George Orwell assessment of Gandhi - 1949; My view: Britain-India friendly relationship of equals today was enabled by Gandhi's non-violent & without hatred approach

An interesting assessment of Gandhi by famous English writer and intellectual of those days, George Orwell: "‘Reflections on Gandhi’: George Orwell’s assessment of Mahatma Gandhi after his assassination", https://scroll.in/article/852522/reflections-on-gandhi-george-orwells-famous-review-of-gandhis-my-experiments-with-truth, (first) published in 1949.

George Orwell writes in this article (in 1949), "And if, as may happen, India and Britain finally settle down into a decent and friendly relationship, will this be partly because Gandhi, by keeping up his struggle obstinately and without hatred, disinfected the political air?"

Ravi: I think it surely is true that significantly because of Mahatma Gandhi, 70 years today after India attained independence from the British and 68 years after the above article of George Orwell, India and Britain have a friendly relationship!
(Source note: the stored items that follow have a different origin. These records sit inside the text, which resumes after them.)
Lemma separates_bigcup (C : set (set (A * A))) :
  C `<=` separates -> total_on C subset -> separates (\bigcup_(X in C) X).
Proof.
move=> CP Ctot; set U := \bigcup_(X in C) X.
have lift X a b : C X -> rel_of X a b -> rel_of U a b.
  by move=> CX [->|Xab]; [left|right; exists X].
have common a b c d : rel_of U a b -> rel_of U c d ->
    (a = b /\ c = d) \/ exists2 X, C X & rel_of X a b /\ rel_of X c d.
  case=> [ab|[X CX Xab]] [cd|[Y CY Ycd]]; first by left.
  - by right; exists Y => //; split; [left|right].
  - by right; exists X => //; split; [right|left].
  - have [XY|YX] := Ctot X Y CX CY; [right; exists Y|right; exists X] => //.
    + by split; right=> //; apply: XY.
    + by split; right=> //; apply: YX.
have binary (op : A -> A -> A) :
    (forall X, C X -> forall a b a' b', rel_of X a a' -> rel_of X b b' ->
       rel_of X (op a b) (op a' b')) ->
    forall a b a' b', rel_of U a a' -> rel_of U b b' -> rel_of U (op a b) (op a' b').
  move=> opX a b a' b' /common /[apply] [[[-> ->]|[X CX [aa' bb']]]]; first by left.
  by apply: (lift X) => //; apply: opX.
split; last by case=> [//|[X CX Xsu]]; apply: (CP X CX).2; right.
split.
- by move=> a; left.
- split=> [a b [->|[X CX Xab]]|a b c ab bc]; first by left.
    have [_ [X_sym _] _ _ _] := (CP X CX).1.
    by apply: (lift X) => //; apply: X_sym; right.
  case: (common _ _ _ _ ab bc) => [[-> ->]|[X CX [Xab Xbc]]]; first by left.
  have [_ [_ X_trans] _ _ _] := (CP X CX).1.
  by apply: (lift X) => //; apply: X_trans Xab Xbc.
- by apply: binary => X /CP [[_ _ cJ _ _] _].
- by apply: binary => X /CP [[_ _ _ cM _] _].
- move=> a a' [->|[X CX Xaa']]; first by left.
  have [_ _ _ _ X_g] := (CP X CX).1.
  by apply: (lift X) => //; apply: X_g; right.
Qed.

Lemma exists_maximal_separating_congruence : exists th, [/\ congruence th, ~ th s u &
  forall th', congruence th' -> (forall a b, th a b -> th' a b) -> ~ th' s u ->
    forall a b, th' a b -> th a b].
Proof.
have [M [[cM Msu] Mmax]] := Zorn_bigcup separates_bigcup.
exists (rel_of M); split=> // th' cth' sub th'su a b th'ab; apply: contrapT => Mab.
have th'E x y : rel_of (fun p => th' p.1 p.2) x y <-> th' x y.
  by split=> [[->|//]|]; [case: cth'|right].
apply: (Mmax (fun p => th' p.1 p.2)); last first.
  split; last by move/th'E.
  case: cth' => th'_refl [th'_sym th'_trans] th'J th'M th'g; split.
  - by move=> x; apply/th'E.
  - by split=> [x y /th'E xy|x y z /th'E xy /th'E yz]; apply/th'E;
      [apply: th'_sym|apply: th'_trans xy yz].
  - by move=> x y x' y' /th'E xx' /th'E yy'; apply/th'E; apply: th'J.
  - by move=> x y x' y' /th'E xx' /th'E yy'; apply/th'E; apply: th'M.
  - by move=> x x' /th'E xx'; apply/th'E; apply: th'g.
split=> [[x y] Mxy|M_th']; first by apply: sub; right.
by apply: Mab; right; apply: (M_th' (a, b)).
Qed.

End SubdirectlyIrreducibleQuotient.

Lemma quotient_SI (A : ockham) (s u : A) (th : A -> A -> Prop) (th_cong : congruence th) :
  ~ th s u ->
  (forall th', congruence th' -> (forall a b, th a b -> th' a b) -> ~ th' s u ->
    forall a b, th' a b -> th a b) ->
  subdirectly_irreducible (quotient th_cong).
Proof.
move=> th_su th_max; exists (qclass th s), (qclass th u).
split=> [/(qclass_eq th_cong)//|phi phi_cong [x [y [phi_xy xy]]]].
have phi'_cong := congruence_pullback (qclass_hom th_cong) phi_cong.
apply: contrapT => phi_su; move: phi_xy xy.
elim/qcarrier_ind: x => a; elim/qcarrier_ind: y => b phi_ab ab.
apply: ab; apply/(qclass_eq th_cong); apply: (th_max _ phi'_cong) phi_ab => // c d.
by move/(qclass_eq th_cong) => ->; case: phi_cong.
Qed.

Lemma exists_SI_quotient (A : ockham) (s u : A) : s <> u ->
  exists (Q : ockham) (f : A -> Q),
    [/\ is_hom f, forall y, exists x, f x = y, f s <> f u & subdirectly_irreducible Q].
Proof.
move=> su; have [th [th_cong th_su th_max]] := exists_maximal_separating_congruence su.
exists (quotient th_cong), (qclass th); split.
- exact: qclass_hom.
- exact: qclass_onto.
- by move/(qclass_eq th_cong).
- exact: quotient_SI th_su th_max.
Qed.

(** * Subdirectly irreducible algebras with a discriminator term *)

Fixpoint gdepth (t : term) : nat :=
  match t with
  | tvar _ | tzero | tone => 0
  | tjoin a b | tmeet a b => maxn (gdepth a) (gdepth b)
  | tg a => (gdepth a).+1
  end.

Section TwistedOrder.
Variable A : ockham.
Local Notation gD := (@dual_g A).

(* [og] reverses order, so the comparison of the [n]-th iterates flips with the parity
   of [n]. *)
Definition twisted_le n (p q : A -> bool) (x y : A) :=
  if odd n then iter n gD q y ==> iter n gD p x else iter n gD p x ==> iter n gD q y.

Lemma twisted_le_refl n p x : twisted_le n p p x x.
Proof. by rewrite /twisted_le; case: ifP => _; apply: implybb. Qed.

Lemma twisted_le_dual_g n p q x y :
  twisted_le n.+1 p q x y = twisted_le n (dual_g q) (dual_g p) y x.
Proof. by rewrite /twisted_le /= -!iterSr; case: (odd n). Qed.

Lemma teval_twisted_mono t p q (v w : nat -> A) : in_dual p -> in_dual q ->
  (forall j n, n <= gdepth t -> twisted_le n p q (v j) (w j)) ->
  p (teval v t) ==> q (teval w t).
Proof.
elim: t p q v w => [j|a IHa b IHb|a IHa b IHb|a IHa||] p q v w dp dq vw /=.
- exact: (vw j 0).
- have /implyP pqa := IHa p q v w dp dq (fun j n n_le => vw j n (leq_trans n_le (leq_maxl _ _))).
  have /implyP pqb := IHb p q v w dp dq (fun j n n_le => vw j n (leq_trans n_le (leq_maxr _ _))).
  by rewrite !dual_join //; apply/implyP => /orP[/pqa|/pqb] ->; rewrite ?orbT.
- have /implyP pqa := IHa p q v w dp dq (fun j n n_le => vw j n (leq_trans n_le (leq_maxl _ _))).
  have /implyP pqb := IHb p q v w dp dq (fun j n n_le => vw j n (leq_trans n_le (leq_maxr _ _))).
  by rewrite !dual_meet //; apply/implyP => /andP[/pqa -> /pqb ->].
- rewrite !dual_og implybNN; apply: IHa (in_dual_g dq) (in_dual_g dp) _ => j n n_le.
  by rewrite -twisted_le_dual_g; apply: vw.
- by rewrite dual_zero.
- by rewrite (dual_one dq) implybT.
Qed.

End TwistedOrder.

Section OrbitsOfDiscriminatorAlgebra.
Variables (S : ockham) (t : term).
Hypothesis t_disc : induces_discriminator S t.
Local Notation d := (gdepth t).
Local Notation W y n := (iter n (@dual_g S) y).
Quite recently, the British Prime Minister, Theresa May, a Conservative, visited and worshipped at a Hindu temple in Bangalore dressed in an Indian sari, along with her husband, I think (see https://ravisiyer.blogspot.com/2016/11/theresa-may-prays-at-hindu-temple-in.html)! On the invitation of former British Prime Minister, David Cameron, a Conservative again, Indian PM Narendra Modi addressed British parliamentarians in the British parliament two years ago, and that address was well received by the British parliamentarians (see https://ravisiyermisc.blogspot.com/2015/11/pm-narendra-modis-address-to-british.html)!

Winston Churchill, a Conservative, who mocked and attempted to humiliate Gandhi by calling him a "half-naked fakir", would never have dreamed that in less than a century after India attained independence from the British, Britain and India would be good friends in a relationship of equals between two democratic countries! I think it is the non-violence and without hatred towards British colonizers approach of Gandhi (and other leaders of India's independence struggle like Nehru), along with British leaders of that time (Labour government mainly, I guess), that paved the way for what we see now in Britain-India friendship of equals in 2017.